[Stored items]
▼▼▼

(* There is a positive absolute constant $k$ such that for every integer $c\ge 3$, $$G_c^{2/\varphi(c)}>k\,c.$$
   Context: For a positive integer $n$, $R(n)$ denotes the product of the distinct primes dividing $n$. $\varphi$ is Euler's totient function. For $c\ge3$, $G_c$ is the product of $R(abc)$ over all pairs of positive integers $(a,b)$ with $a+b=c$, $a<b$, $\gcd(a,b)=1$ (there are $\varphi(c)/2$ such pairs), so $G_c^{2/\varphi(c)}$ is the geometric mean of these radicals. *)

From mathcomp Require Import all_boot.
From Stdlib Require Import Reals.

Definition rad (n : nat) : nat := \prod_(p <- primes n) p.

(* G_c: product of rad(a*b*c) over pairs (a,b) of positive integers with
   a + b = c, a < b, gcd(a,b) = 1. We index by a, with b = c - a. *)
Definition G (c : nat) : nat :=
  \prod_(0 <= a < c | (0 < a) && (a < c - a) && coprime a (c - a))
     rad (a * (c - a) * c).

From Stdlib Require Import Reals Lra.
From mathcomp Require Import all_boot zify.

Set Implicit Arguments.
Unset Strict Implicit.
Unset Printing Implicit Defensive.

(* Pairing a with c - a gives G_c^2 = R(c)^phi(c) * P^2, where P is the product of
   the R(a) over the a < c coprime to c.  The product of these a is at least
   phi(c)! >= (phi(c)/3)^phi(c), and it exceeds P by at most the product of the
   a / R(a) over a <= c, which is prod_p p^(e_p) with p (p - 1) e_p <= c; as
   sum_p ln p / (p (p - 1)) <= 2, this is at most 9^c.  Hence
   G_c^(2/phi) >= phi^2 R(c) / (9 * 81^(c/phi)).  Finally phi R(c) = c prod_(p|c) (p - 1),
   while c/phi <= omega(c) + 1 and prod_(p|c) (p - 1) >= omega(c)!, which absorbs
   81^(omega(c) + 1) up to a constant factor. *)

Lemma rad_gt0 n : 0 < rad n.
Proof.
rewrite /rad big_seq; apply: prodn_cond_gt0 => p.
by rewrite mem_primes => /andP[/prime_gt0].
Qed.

▲▲▲

● What is required:
In the entries above, find the line with "From mathcomp Require Import all_boot." and the line with "(* G_c: product", then restate word for word both of them and every line between, with nothing more.

● Response:
From mathcomp Require Import all_boot.
From Stdlib Require Import Reals.

Definition rad (n : nat) : nat := \prod_(p <- primes n) p.

(* G_c: product of rad(a*b*c) over pairs (a,b) of positive integers with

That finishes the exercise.